Implementation
We are trying to implement an frontend that makes monitoring in realtime using websockets events with temporal (python-sdk) to ensure that events will be delivered and metrics be consistent. Services like pbx, workers, websocket-server, backend, frontend are running in K8S cluster. PBX’s pods are sending the generated events (each event represents some changed state like answer a call, abandon a call, call completion, and so on) to temporal in signal form. Currently I have a long running workflow by tenant (wf-websocket-tenant1, wf-websocket-tenant2, wf-websocket-tenantN), where they receive signals from pbx’s process. I have just 1 task queue called “websocket”, where all workers runs. Each tenant workflow maintain the state of the metrics: number of completed calls by agents, number of not answered calls by agent, talktime, holdtime, current state of extensions, and so on.
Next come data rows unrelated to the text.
Lemma unmasked_outcome_forced rho mu cs o x' :
  unmasked_outcome rho mu cs [DForce] o x' ->
  exists ct' e s', x' = (ct', rho, mu, true) /\ seq_step (cs, rho, mu) o s' /\
    masked_typed P (Arming e) ct' /\ aeval rho e = 1.
Proof. inversion 1; subst; [congruence | eauto 7]. Qed.

Lemma unmasked_outcome_unforced rho mu cs d o ct' rho' mu' b' :
  unmasked_outcome rho mu cs d o (ct', rho', mu', b') -> d <> [DForce] ->
  rho msf = 0 -> explicit_typed P PA cs ->
  b' = false /\ rho' msf = 0 /\
  exists cs', residual rho' ct' cs' /\ seq_step_or_stay (cs, rho, mu) o (cs', rho', mu').
Proof.
  inversion 1; subst; intros Hd E Hc; try congruence.
  - repeat split; auto. exists cs. split; auto. now left.
  - repeat split; auto.
    + erewrite seq_step_msf; eauto.
    + exists cs'. split; auto. now right.
Qed.

End Residual.

Lemma DForce_dec (d : dirs) : d = [DForce] \/ d <> [DForce].
Proof. destruct d as [| [] [|]]; (left; reflexivity) || (right; discriminate). Qed.

Lemma seq_multi_extend x O s o s' :
  seq_multi x O s -> seq_step_or_stay s o s' -> seq_multi x (O ++ o) s'.
Proof.
  intros M [[-> ->] | S]; [now rewrite app_nil_r |].
  induction M.
  - simpl. rewrite <- (app_nil_r o). econstructor; [exact S | constructor].
  - rewrite <- app_assoc. econstructor; eauto.
Qed.

Lemma prefix_length_eq {A : Type} (l1 l2 : list A) :
  prefix l1 l2 -> length l1 = length l2 -> l1 = l2.
Proof.
  intros [l ->] L. rewrite length_app in L.
  destruct l; [now rewrite app_nil_r | simpl in L; lia].
Qed.

Lemma seq_same_obs_next c rho1 mu1 rho2 mu2 O s1 s2 o1 o2 s1' s2' :
  seq_same_obs c rho1 mu1 c rho2 mu2 ->
  seq_multi (c, rho1, mu1) O s1 -> seq_multi (c, rho2, mu2) O s2 ->
  seq_step_or_stay s1 o1 s1' -> seq_step_or_stay s2 o2 s2' ->
  length o1 = length o2 -> o1 = o2.
Proof.
  intros Hseq M1 M2 S1 S2 L.
  destruct s1' as [[? ?] ?], s2' as [[? ?] ?].
  destruct (Hseq _ _ _ _ (seq_multi_extend _ _ _ _ _ M1 S1) (seq_multi_extend _ _ _ _ _ M2 S2))
    as [Hpre | Hpre]; apply prefix_length_eq in Hpre; rewrite ?length_app, ?L; auto;
    eapply app_inv_head; eauto.
Qed.

Section Pairing.

Variable P : pub_vars.
Variable PA : pub_arrs.
Variable c0 : com.
Variables rho1 rho2 : reg.
Variables mu1 mu2 : mem.
Hypothesis c0_same_obs : seq_same_obs c0 rho1 mu1 c0 rho2 mu2.

(* Before misspeculation both runs of the hardened code trail source runs of [c0] that have
   made the same observations [O]; the two source commands may differ. *)
Definition unmasked_pair (x y : cfg) : Prop :=
  let '(ct, r1, m1, b1) := x in
  let '(ct2, r2, m2, b2) := y in
  ct = ct2 /\ b1 = false /\ b2 = false /\ r1 msf = 0 /\ r2 msf = 0 /\
  pub_equiv P r1 r2 /\ pub_equiv_arr PA m1 m2 /\ unmasked_typed P PA ct /\
  exists O cs1 cs2, residual P PA r1 ct cs1 /\ residual P PA r2 ct cs2 /\
    seq_multi (c0, rho1, mu1) O (cs1, r1, m1) /\ seq_multi (c0, rho2, mu2) O (cs2, r2, m2).

Definition masked_pair (x y : cfg) : Prop :=
  let '(ct, r1, _, b1) := x in
  let '(ct2, r2, _, b2) := y in
  ct = ct2 /\ b1 = true /\ b2 = true /\
  exists m, masked_typed P m ct /\ masked_equiv P m r1 r2.

Definition paired (x y : cfg) : Prop := unmasked_pair x y \/ masked_pair x y.

Lemma paired_cmd x y : paired x y -> cmd_of x = cmd_of y.
Proof.
  destruct x as [[[? ?] ?] ?], y as [[[? ?] ?] ?].
  intros [H | H]; apply H.
Qed.

Lemma masked_pair_step x y d o1 o2 x' y' :
  masked_pair x y -> spec_step x d o1 x' -> spec_step y d o2 y' -> o1 = o2 /\ masked_pair x' y'.
Proof.
  destruct x as [[[ct r1] m1] b1], y as [[[ct2 r2] m2] b2],
    x' as [[[c1 r1'] m1'] b1'], y' as [[[c2 r2'] m2'] b2'].
  intros (<- & -> & -> & m & Hc & He) S1 S2.
  destruct (masked_typed_lockstep P _ _ Hc _ _ _ _ _ _ _ _ _ _ _ _ _ _ _ He S1 S2)
    as (<- & m' & Hc' & He').
  split; auto. repeat split.
  - eapply spec_step_cmd_det; eauto.
  - eapply spec_step_flag_true; eauto.
  - eapply spec_step_flag_true; eauto.
  - eauto.
Qed.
We are using “Continue as new” in workflow when certain number of signals is reached. Each workflow has around 10 activities. Once a signal is received by workflow, then the metrics are recalculated and the new values are stored in redis (each tenant has it own key like “metrics-tenant1”, “metrics-tenant2”, “metrics-tenantN”) and then published in Redis Pub/ub channel. The clients (websocket services) listen the new metric values and propagate to your clients.
Architecture
Problem
I implement the same architecture in a lowest scale (1 company, 10 extensions, 2 simultaneos calls) and noted some inconsistencies in execution of programatically workflow logic, where make the state of extensions to be different from real state sometimes, and its going so pain to maintain the code. Its hard to change somethig and dont break another thing even having well segmented the classes, functions, activities, workflow logic, etc. It Seems that the logical is effected because of the volume of signals received, but its is just an impression.
K8S Cluster dimension (Max size possible per cluster)
- 500 companies
- 100 extensions by company
- Total extensions per cluster: 50.000
- Simultaneos calls: 5000 (10% of total extensions)
- Number of estimated events per second: 2000
- Payload of each event: 500 bytes
Questions
- Are we using temporal the correct way to solve our problem?
- Is the use of signals correct, or its preferable to start 1 workflow per event instead send signals?
- The usage of just 1 task queue for any kind of event is correct?
- The usage of all workers taking jobs of any tenant is correct?
- Will the amount of data being passed around workflows and Activities pose a problem? What are the alternatives?